(* Let $S$ be a closed session type with $S\neq\mathsf{end}$. Then there is no monitor $M$ that is both sound and complete for $S$; that is, there is no monitor $M$ such that (soundness) for every process $P$, if $\langle P;M\rangle\xRightarrow{t}\langle P';\mathsf{no}_P\rangle$ for some trace $t$ and process $P'$ then $\emptyset\cdot\emptyset\vdash P:S$ is not derivable, and (completeness) for every process $P$, if $\emptyset\cdot\emptyset\vdash P:S$ is not derivable then there exist a trace $t$ and process $P'$ with $\langle P;M\rangle\xRightarrow{t}\langle P';\mathsf{no}_P\rangle$.
   Context: Values $v$ (including tuples), value variables $x$, process variables $X$; $a$ ranges over values and value variables. Boolean predicates $A$ include $\mathsf{tt},\mathsf{ff}$, comparisons, conjunction, negation; $A\Downarrow\mathsf{tt}$ / $A\Downarrow\mathsf{ff}$ denote evaluation; predicates are type-checked by standard rules. Processes: $P,Q ::= \triangleleft \mathtt{l}(a).P \mid \triangleright\{\mathtt{l}_i(x_i).P_i\}_{i\in I} \mid \mu_X.P \mid X \mid \mathsf{if}\ A\ \mathsf{then}\ P\ \mathsf{else}\ Q \mid \mathbf{0}$, guarded recursion. Transitions: $\mu_X.P \xrightarrow{\tau} P[\mu_X.P/X]$; $\triangleleft\mathtt{l}(v).P \xrightarrow{\triangleleft \mathtt{l}(v)} P$; $\triangleright\{\mathtt{l}_i(x_i).P_i\}_{i\in I} \xrightarrow{\triangleright \mathtt{l}_j(v)} P_j[v/x_j]$ for $j\in I$; $\mathsf{if}\ A\ \mathsf{then}\ P\ \mathsf{else}\ Q \xrightarrow{\tau} P$ if $A\Downarrow\mathsf{tt}$, $\xrightarrow{\tau} Q$ if $A\Downarrow\mathsf{ff}$. Base types $\mathsf{B} ::= \mathsf{Int}\mid\mathsf{Str}\mid\mathsf{Bool}\mid\dots\mid(\mathsf{B},\mathsf{B})$. Session types $S ::= \oplus\{!\mathtt{l}_i(\mathsf{B}_i).S_i\}_{i\in I} \mid \&\{?\mathtt{l}_i(\mathsf{B}_i).S_i\}_{i\in I} \mid \mathsf{rec}\ X.S \mid X \mid \mathsf{end}$, $I\neq\emptyset$, labels pairwise distinct, guarded recursion; types are equi-recursive ($\mathsf{rec}\ X.S$ identified with its unfolding), so ''$S\neq\mathsf{end}$'' is understood up to this identification. Typing with $\Theta$ (process variables to session types) and $\Gamma$ (value variables to base types): $\Gamma\vdash x:\mathsf{B}$ if $\Gamma(x)=\mathsf{B}$; $\Gamma\vdash v:\mathsf{B}$ if $v\in\mathsf{B}$. (tBra) if for all $i\in I$, $\Theta\cdot\Gamma,x_i:\mathsf{B}_i\vdash P_i:S_i$, then $\Theta\cdot\Gamma\vdash \triangleright\{\mathtt{l}_i(x_i).P_i\}_{i\in I\cup J} : \&\{?\mathtt{l}_i(\mathsf{B}_i).S_i\}_{i\in I}$; (tSel) if some $i\in I$ has $\mathtt{l}=\mathtt{l}_i$, $\Gamma\vdash a:\mathsf{B}_i$, $\Theta\cdot\Gamma\vdash P:S_i$, then $\Theta\cdot\Gamma\vdash \triangleleft\mathtt{l}(a).P : \oplus\{!\mathtt{l}_i(\mathsf{B}_i).S_i\}_{i\in I}$; (tRec) $\Theta,X:S\cdot\Gamma\vdash P:S$ implies $\Theta\cdot\Gamma\vdash\mu_X.P:S$; (tPVar) $\Theta(X)=S$ implies $\Theta\cdot\Gamma\vdash X:S$; (tIf) $\Gamma\vdash A:\mathsf{Bool}$, $\Theta\cdot\Gamma\vdash P:S$, $\Theta\cdot\Gamma\vdash Q:S$ imply $\Theta\cdot\Gamma\vdash \mathsf{if}\ A\ \mathsf{then}\ P\ \mathsf{else}\ Q:S$; (tNil) $\Theta\cdot\Gamma\vdash\mathbf{0}:\mathsf{end}$. Monitors: $M,N ::= \triangleleft\mathtt{l}(a).M \mid \triangleright\{\mathtt{l}_i(x_i).M_i\}_{i\in I} \mid \blacktriangle\mathtt{l}(a).M \mid \blacktriangledown\{\mathtt{l}_i(x_i).M_i\}_{i\in I} \mid \mu_X.M \mid X \mid \mathsf{if}\ A\ \mathsf{then}\ M\ \mathsf{else}\ N \mid \mathbf{0} \mid \mathsf{no}_P \mid \mathsf{no}_E$ ($\triangleleft,\triangleright$: send to / receive from the monitored process; $\blacktriangle,\blacktriangledown$: send to / receive from the environment). Transitions: $\triangleleft\mathtt{l}(v).M\xrightarrow{\triangleleft\mathtt{l}(v)}M$; $\blacktriangle\mathtt{l}(v).M\xrightarrow{\blacktriangle\mathtt{l}(v)}M$; $\mu_X.M\xrightarrow{\tau}M[\mu_X.M/X]$; $\triangleright\{\mathtt{l}_i(x_i).M_i\}_{i\in I}\xrightarrow{\triangleright\mathtt{l}_j(v)}M_j[v/x_j]$, $\blacktriangledown\{\mathtt{l}_i(x_i).M_i\}_{i\in I}\xrightarrow{\blacktriangledown\mathtt{l}_j(v)}M_j[v/x_j]$ for $j\in I$; conditionals as for processes; $\triangleright\{\mathtt{l}_i(x_i).M_i\}_{i\in I}\xrightarrow{\triangleright\mathtt{l}(v)}\mathsf{no}_P$ and $\blacktriangledown\{\mathtt{l}_i(x_i).M_i\}_{i\in I}\xrightarrow{\blacktriangledown\mathtt{l}(v)}\mathsf{no}_E$ whenever $\mathtt{l}\neq\mathtt{l}_i$ for all $i\in I$. Composite system $\langle P;M\rangle$: $P\xrightarrow{\triangleleft\mathtt{l}(v)}P'$, $M\xrightarrow{\triangleright\mathtt{l}(v)}M'$ give $\langle P;M\rangle\xrightarrow{\tau}\langle P';M'\rangle$; $P\xrightarrow{\triangleright\mathtt{l}(v)}P'$, $M\xrightarrow{\triangleleft\mathtt{l}(v)}M'$ give $\langle P;M\rangle\xrightarrow{\tau}\langle P';M'\rangle$; $M\xrightarrow{\alpha}M'$ with $\alpha\in\{\blacktriangle\mathtt{l}(v),\blacktriangledown\mathtt{l}(v)\}$ gives $\langle P;M\rangle\xrightarrow{\alpha}\langle P;M'\rangle$; $\tau$-moves of $P$ or $M$ alone lift to $\langle P;M\rangle$. A trace $t$ is a finite sequence of actions $\blacktriangle\mathtt{l}(v),\blacktriangledown\mathtt{l}(v)$; $\xRightarrow{t}$ interleaves $t$ with finitely many $\tau$-transitions. *)

(* Syntax uses de Bruijn indices for value variables,
   process variables and session-type variables (so that all substitutions
   are capture-avoiding, as in the paper's up-to-alpha convention). *)
From Stdlib Require Import ZArith String List Bool Arith.
Import ListNotations.
(* Let $\mathfrak g$ be a unimodular Lie algebra with a Hermitian structure $(J,g)$ and let $e$ be a unitary frame. If $D^j_{ik}=D^j_{ki}$ for all $i,j,k$, then the Chern scalar curvature satisfies $s=-\sum_{r,s,t}|D^t_{rs}|^2\le0$, with $s<0$ unless $D=0$. If $D^j_{ik}=-D^j_{ki}$ for all $i,j,k$, then $s=\sum_{r,s,t}|D^t_{rs}|^2\ge0$, with $s>0$ unless $D=0$.
   Context: Hermitian structure on a real Lie algebra $\mathfrak g$ of dimension $2n$: integrable almost complex structure $J$ and $J$-invariant inner product $g$. Unimodular: $\operatorname{tr}\mathrm{ad}_x=0$ for all $x$. $\mathfrak g^{1,0}=\{x-\sqrt{-1}Jx\}$, $g$ extended bilinearly, unitary frame $e_1,\dots,e_n$. $D^j_{ik}=g([\bar e_j,e_k],e_i)$. $R$ is the curvature of the Chern connection (unique connection preserving $J,g$ with torsion of vanishing $(1,1)$-part), $R_{i\bar jk\bar\ell}=g(R(e_i,\bar e_j)e_k,\bar e_\ell)$, and the Chern scalar curvature is $s=\sum_{i,r}R_{i\bar ir\bar r}$. *)

From HB Require Import structures.
From mathcomp Require Import all_boot all_order all_algebra.
From mathcomp Require Import complex.
Set Implicit Arguments. Unset Strict Implicit. Unset Printing Implicit Defensive.
Import Order.TTheory GRing.Theory Num.Theory.
Local Open Scope ring_scope.

(* A real Lie algebra of dimension m is modelled on R^m (row vectors
   'rV[R]_m) through its structure constants c : [b_i, b_j] = c i j,
   where b_i is the standard basis.  Every real bilinear/linear datum
   (bracket, J, g, connection) is given by real coefficients; the same
   formulas with the coefficients embedded by [emb] give the real
   objects (K = R, emb = id) or their C-(bi)linear extensions to the
   complexification C^m (K = R[i], emb = real embedding). *)

Definition cR {R : rcfType} (r : R) : R[i] := Complex r 0.

Section Defs.
Variables (R : rcfType) (m : nat).


Definition bilin (K : comNzRingType) (emb : R -> K)
  (B : 'I_m -> 'I_m -> 'rV[R]_m) (x y : 'rV[K]_m) : 'rV[K]_m :=
  \sum_(i < m) \sum_(j < m) (x 0 i * y 0 j) *: map_mx emb (B i j).

Definition linop (K : comNzRingType) (emb : R -> K) (A : 'M[R]_m)
  (x : 'rV[K]_m) : 'rV[K]_m := x *m map_mx emb A.

(* bilinear form with Gram matrix G (extended bilinearly, not sesquilinearly) *)
Definition bform (K : comNzRingType) (emb : R -> K) (G : 'M[R]_m)
  (x y : 'rV[K]_m) : K := (x *m map_mx emb G *m y^T) 0 0.

Definition is_lie_algebra (c : 'I_m -> 'I_m -> 'rV[R]_m) : Prop :=
  (forall x y : 'rV[R]_m, bilin id c x y = - bilin id c y x) /\
  (forall x y z : 'rV[R]_m,
      bilin id c x (bilin id c y z) + bilin id c y (bilin id c z x)
      + bilin id c z (bilin id c x y) = 0).

Definition ad_mx (c : 'I_m -> 'I_m -> 'rV[R]_m) (x : 'rV[R]_m) : 'M[R]_m :=
  \matrix_(k, l) bilin id c x (delta_mx 0 k) 0 l.

Definition unimodular (c : 'I_m -> 'I_m -> 'rV[R]_m) : Prop :=
  forall x : 'rV[R]_m, \tr (ad_mx c x) = 0.

Definition almost_complex (J : 'M[R]_m) : Prop := J *m J = - 1%:M.

Definition nijenhuis_free (c : 'I_m -> 'I_m -> 'rV[R]_m) (J : 'M[R]_m) : Prop :=
  forall x y : 'rV[R]_m,
    bilin id c (linop id J x) (linop id J y)
    - linop id J (bilin id c (linop id J x) y)
    - linop id J (bilin id c x (linop id J y))
    - bilin id c x y = 0.

Definition J_inner_product (J G : 'M[R]_m) : Prop :=
  (forall x y : 'rV[R]_m, bform id G x y = bform id G y x) /\
  (forall x : 'rV[R]_m, x != 0 -> 0 < bform id G x x) /\
  (forall x y : 'rV[R]_m, bform id G (linop id J x) (linop id J y) = bform id G x y).

Definition cplx (x : 'rV[R]_m) : 'rV[R[i]]_m := map_mx cR x.
Definition cconj (z : 'rV[R[i]]_m) : 'rV[R[i]]_m := map_mx Num.conj z.

Definition in10 (J : 'M[R]_m) (z : 'rV[R[i]]_m) : Prop :=
  exists x : 'rV[R]_m, z = cplx x - 'i *: linop cR J (cplx x).

(* torsion and curvature of the (left-invariant) connection with
   nabla_{b_i} b_j = Gam i j, over K *)
Definition torsion (K : comNzRingType) (emb : R -> K)
  (c Gam : 'I_m -> 'I_m -> 'rV[R]_m) (x y : 'rV[K]_m) : 'rV[K]_m :=
  bilin emb Gam x y - bilin emb Gam y x - bilin emb c x y.

Definition curvature (K : comNzRingType) (emb : R -> K)
  (c Gam : 'I_m -> 'I_m -> 'rV[R]_m) (x y z : 'rV[K]_m) : 'rV[K]_m :=
  bilin emb Gam x (bilin emb Gam y z) - bilin emb Gam y (bilin emb Gam x z)
  - bilin emb Gam (bilin emb c x y) z.

(* Gam is the Chern connection of (J, g): nabla J = 0, nabla g = 0, and the
   torsion has vanishing (1,1)-part: T(Z, conj W) = 0 for Z, W in g^{1,0}.
   (The Chern connection is unique, so quantifying over all such Gam is
   the same as taking the Chern connection.) *)
Definition is_chern (c : 'I_m -> 'I_m -> 'rV[R]_m) (J G : 'M[R]_m)
  (Gam : 'I_m -> 'I_m -> 'rV[R]_m) : Prop :=
  (forall x y : 'rV[R]_m,
      bilin id Gam x (linop id J y) = linop id J (bilin id Gam x y)) /\
  (forall x y z : 'rV[R]_m,
      bform id G (bilin id Gam x y) z + bform id G y (bilin id Gam x z) = 0) /\
  (forall Z W : 'rV[R[i]]_m, in10 J Z -> in10 J W ->
      torsion cR c Gam Z (cconj W) = 0).

End Defs.

Section Frame.
Variables (R : rcfType) (n : nat).
Local Notation m := (n.*2).

Definition unitary_frame (J G : 'M[R]_m) (e : 'I_n -> 'rV[R[i]]_m) : Prop :=
  (forall i, in10 J (e i)) /\
  (forall i j, bform cR G (e i) (cconj (e j)) = (i == j)%:R).

Definition Dcoef (c : 'I_m -> 'I_m -> 'rV[R]_m) (G : 'M[R]_m)
  (e : 'I_n -> 'rV[R[i]]_m) (j i k : 'I_n) : R[i] :=
  bform cR G (bilin cR c (cconj (e j)) (e k)) (e i).

Definition Rcoef (c Gam : 'I_m -> 'I_m -> 'rV[R]_m) (G : 'M[R]_m)
  (e : 'I_n -> 'rV[R[i]]_m) (i j k l : 'I_n) : R[i] :=
  bform cR G (curvature cR c Gam (e i) (cconj (e j)) (e k)) (cconj (e l)).

Definition chern_scalar (c Gam : 'I_m -> 'I_m -> 'rV[R]_m) (G : 'M[R]_m)
  (e : 'I_n -> 'rV[R[i]]_m) : R[i] :=
  \sum_(i < n) \sum_(r < n) Rcoef c Gam G e i i r r.

End Frame.

From HB Require Import structures.
From mathcomp Require Import all_boot all_order all_algebra.
From mathcomp Require Import complex.
From mathcomp Require Import ring.
Import Order.TTheory GRing.Theory Num.Theory.
Local Open Scope ring_scope.
Set Implicit Arguments. Unset Strict Implicit. Unset Printing Implicit Defensive.
(* Let $m\ge 2$ and let $t,r_2$ be integers with $t\ge 0$ and $0\le r_2\le \lfloor\frac{m-1}{2}\rfloor-t$. Put $C_1=\mathrm{RM}(\lfloor\frac{m-1}{2}\rfloor-t,m)$ and $C_2=\mathrm{RM}(r_2,m)$ (so that $C_2\subseteq C_1$). Then $(C_1,C_2)$ is a binary CSS-$T$ pair if and only if $$\begin{cases} r_2\le 2t+1 & \text{if } m \text{ is even},\\ r_2\le 2t & \text{if } m \text{ is odd}.\end{cases}$$
   Context: $\mathrm{RM}(r,m)\subseteq\mathbb F_2^{2^m}$ is the binary Reed–Muller code of order $r$: the set of evaluation vectors, at all points of $\mathbb F_2^m$ in a fixed order, of polynomials in $\mathbb F_2[x_1,\dots,x_m]$ of degree at most $r$. The Hamming weight $\omega^{\mathrm H}(x)$ is the number of nonzero coordinates of $x$; $C^\perp$ is the dual with respect to the standard inner product. A pair of binary linear codes $(C_1,C_2)$ with $C_2\subseteq C_1\subseteq\mathbb F_2^n$ is a binary CSS-$T$ pair if (i) every $x\in C_2$ has even Hamming weight, and (ii) for every $x\in C_2$ there exists a linear code $C_x\subseteq C_1^\perp$ of dimension $\omega^{\mathrm H}(x)/2$ which is supported on $x$ (every $y\in C_x$ has $y_i=0$ whenever $x_i=0$) and is self-dual when regarded as a code of length $\omega^{\mathrm H}(x)$ on the support of $x$. *)

From HB Require Import structures.
From mathcomp Require Import all_boot all_order all_algebra.
From mathcomp Require Import mpoly.
Set Implicit Arguments. Unset Strict Implicit. Unset Printing Implicit Defensive.
Import GRing.Theory.
Local Open Scope ring_scope.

+++

How to complete this task:
From the material above, tally every line that includes the word "bform" and state the count only.

Response area:
8